EXERCISE DIRECTIONS
Only some lines are wanted. Transcribe, exactly, the lines below from the line with "not surjective. *)" up to and including the line with "(* the variables".

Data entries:
######

(* Let $\Bbbk$ be a field of characteristic zero, $S=\Bbbk[x_1,x_2,x_3,x_4]$, $d\geq 5$, and $I=(x_1^d,x_2^d,x_3^d,x_4^d,x_1^3x_2^{d-3})$. Then $S/I$ fails the WLP by surjectivity in degree $2d-3$.
   Context: $\mathrm{HF}(A,k)=\dim_\Bbbk A_k$. For a monomial ideal $I$, $A=S/I$ fails the WLP by surjectivity in degree $i$ if $\mathrm{HF}(A,i)\ge\mathrm{HF}(A,i+1)$ and $\times(x_1+\cdots+x_4): A_i\to A_{i+1}$ is not surjective. *)

From mathcomp Require Import all_boot all_algebra.
From mathcomp Require Import mpoly.
Set Implicit Arguments. Unset Strict Implicit. Unset Printing Implicit Defensive.
Import GRing.Theory.
Local Open Scope ring_scope.

Section Graded.
Context {k : fieldType} {n : nat}.

Definition in_ideal (gens : seq {mpoly k[n]}) (p : {mpoly k[n]}) : Prop :=
  exists cs : 'I_(size gens) -> {mpoly k[n]},
    p = \sum_(j < size gens) cs j * gens`_j.

(* f_1,...,f_m are homogeneous of degree i and their classes are linearly
   independent in A_i, where A = S/I and I = (gens). *)
Definition indep_in_deg (gens : seq {mpoly k[n]}) (i m : nat)
    (f : 'I_m -> {mpoly k[n]}) : Prop :=
  (forall j, f j \is i.-homog) /\
  (forall c : 'I_m -> k, in_ideal gens (\sum_(j < m) c j *: f j) ->
     forall j, c j = 0).

Definition HF_atleast (gens : seq {mpoly k[n]}) (i m : nat) : Prop :=
  exists f : 'I_m -> {mpoly k[n]}, indep_in_deg gens i f.

Definition HF_ge (gens : seq {mpoly k[n]}) (i j : nat) : Prop :=
  forall m, HF_atleast gens j m -> HF_atleast gens i m.

Definition mult_surj (gens : seq {mpoly k[n]}) (l : {mpoly k[n]}) (i : nat)
    : Prop :=
  forall f, f \is i.+1.-homog ->
    exists g, g \is i.-homog /\ in_ideal gens (f - l * g).

Definition fails_WLP_surj (gens : seq {mpoly k[n]}) (i : nat) : Prop :=
  HF_ge gens i i.+1 /\
  ~ mult_surj gens (\sum_(j < n) 'X_j) i.

End Graded.

(* the variables x_1..x_4 of k[x_1,x_2,x_3,x_4] (x 0 = x_1, ..., x 3 = x_4) *)
Definition x4 {k : fieldType} (i : nat) : {mpoly k[4]} := 'X_(inord i).

Definition I_lemma5p4 (k : fieldType) (d : nat) : seq {mpoly k[4]} :=
  [:: x4 0 ^+ d; x4 1 ^+ d; x4 2 ^+ d; x4 3 ^+ d;
      x4 0 ^+ 3 * x4 1 ^+ (d - 3)].

(* Standard monomials (those divisible by no generator) of degree j give a
   basis of A_j.  Multiplication by l = x_1 + x_2 + x_3 + x_4 does not map A_(2d-3)
   onto A_(2d-2): the functional sending x_1^a x_2^b x_3^c x_4^e with
   a + b = c + e = d - 1 to (-1)^(a+c), and every other monomial to 0, vanishes
   on I because all these monomials are standard, and on l S_(2d-3) because the
   contributions of x_1 and x_2, and of x_3 and x_4, cancel in pairs; yet it
   takes the value 1 on x_2^(d-1) x_4^(d-1).  For HF(A,2d-3) >= HF(A,2d-2), an
   injection from the standard monomials of degree 2d-2 into those of degree
   2d-3 induces a linear map A_(2d-2) -> A_(2d-3) that preserves linear
   independence. *)

From mathcomp Require Import all_boot all_algebra.
From mathcomp Require Import mpoly.
From mathcomp Require Import zify ring.
From HB Require Import structures.
Set Implicit Arguments. Unset Strict Implicit. Unset Printing Implicit Defensive.
Import GRing.Theory.
Local Open Scope ring_scope.

Section MonomialIdeal.
Variables (k : fieldType) (n : nat) (G : seq 'X_{1..n}).
Implicit Types (p : {mpoly k[n]}) (m u : 'X_{1..n}).

Local Notation I := [seq 'X_[g] : {mpoly k[n]} | g <- G].

Definition standard m := all (fun g => ~~ (g <= m)%MM) G.

Definition std_deg (j : nat) : pred 'X_{1..n} :=
  [pred m | standard m && (mdeg m == j)].

Lemma mcoeffMX_nodiv p g m : ~~ (g <= m)%MM -> (p * 'X_[g])@_m = 0.
Proof.
move=> ngm; rewrite [p]mpolyE big_distrl /= raddf_sum /=.
apply: big1 => u _; rewrite -scalerAl -mpolyXD mcoeffZ mcoeffX.
case: eqP => [e|_]; last by rewrite mulr0.
by rewrite -e lem_addl in ngm.
Qed.

Lemma monomial_idealP p : in_ideal I p <-> forall m, standard m -> p@_m = 0.
Proof.
split.
  case=> cs -> m /allP stdm; rewrite raddf_sum /=; apply: big1 => j _.
  have ltjG : (j < size G)%N by rewrite -(size_map (fun g => 'X_[g] : {mpoly k[n]})).
  by rewrite (nth_map 0%MM) // mcoeffMX_nodiv // stdm // mem_nth.
move=> hp.
have divG m : m \in msupp p -> has (fun g => (g <= m)%MM) G.
  move=> msupp_m; apply: contraTT msupp_m => /hasPn stdm.
  by rewrite mcoeff_msupp negbK hp //; apply/allP.
pose sel m := find (fun g => (g <= m)%MM) G.
exists (fun j : 'I_(size I) => \sum_(m <- msupp p | sel m == val j)
          p@_m *: 'X_[m - nth 0%MM G j]).
rewrite size_map.
transitivity (\sum_(j < size G) \sum_(m <- msupp p | sel m == val j) p@_m *: 'X_[m]).
  rewrite (exchange_big_dep xpredT) //=.
  under eq_big_seq => m msupp_m.
    have ltsel : (sel m < size G)%N by rewrite -has_find divG.
    by rewrite (big_pred1 (Ordinal ltsel)) //; over.
  exact: mpolyE.
apply: eq_bigr => j _; rewrite big_distrl /= big_seq_cond [RHS]big_seq_cond.
apply: eq_bigr => m /andP [msupp_m /eqP selj].
rewrite (nth_map 0%MM) // -scalerAl -mpolyXD submK //.
by have := nth_find 0%MM (divG m msupp_m); rewrite -/(sel m) selj.
Qed.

######

EXERCISE RESPONSE
   Context: $\mathrm{HF}(A,k)=\dim_\Bbbk A_k$. For a monomial ideal $I$, $A=S/I$ fails the WLP by surjectivity in degree $i$ if $\mathrm{HF}(A,i)\ge\mathrm{HF}(A,i+1)$ and $\times(x_1+\cdots+x_4): A_i\to A_{i+1}$ is not surjective. *)

From mathcomp Require Import all_boot all_algebra.
From mathcomp Require Import mpoly.
Set Implicit Arguments. Unset Strict Implicit. Unset Printing Implicit Defensive.
Import GRing.Theory.
Local Open Scope ring_scope.

Section Graded.
Context {k : fieldType} {n : nat}.

Definition in_ideal (gens : seq {mpoly k[n]}) (p : {mpoly k[n]}) : Prop :=
  exists cs : 'I_(size gens) -> {mpoly k[n]},
    p = \sum_(j < size gens) cs j * gens`_j.

(* f_1,...,f_m are homogeneous of degree i and their classes are linearly
   independent in A_i, where A = S/I and I = (gens). *)
Definition indep_in_deg (gens : seq {mpoly k[n]}) (i m : nat)
    (f : 'I_m -> {mpoly k[n]}) : Prop :=
  (forall j, f j \is i.-homog) /\
  (forall c : 'I_m -> k, in_ideal gens (\sum_(j < m) c j *: f j) ->
     forall j, c j = 0).

Definition HF_atleast (gens : seq {mpoly k[n]}) (i m : nat) : Prop :=
  exists f : 'I_m -> {mpoly k[n]}, indep_in_deg gens i f.

Definition HF_ge (gens : seq {mpoly k[n]}) (i j : nat) : Prop :=
  forall m, HF_atleast gens j m -> HF_atleast gens i m.

Definition mult_surj (gens : seq {mpoly k[n]}) (l : {mpoly k[n]}) (i : nat)
    : Prop :=
  forall f, f \is i.+1.-homog ->
    exists g, g \is i.-homog /\ in_ideal gens (f - l * g).

Definition fails_WLP_surj (gens : seq {mpoly k[n]}) (i : nat) : Prop :=
  HF_ge gens i i.+1 /\
  ~ mult_surj gens (\sum_(j < n) 'X_j) i.

End Graded.

(* the variables x_1..x_4 of k[x_1,x_2,x_3,x_4] (x 0 = x_1, ..., x 3 = x_4) *)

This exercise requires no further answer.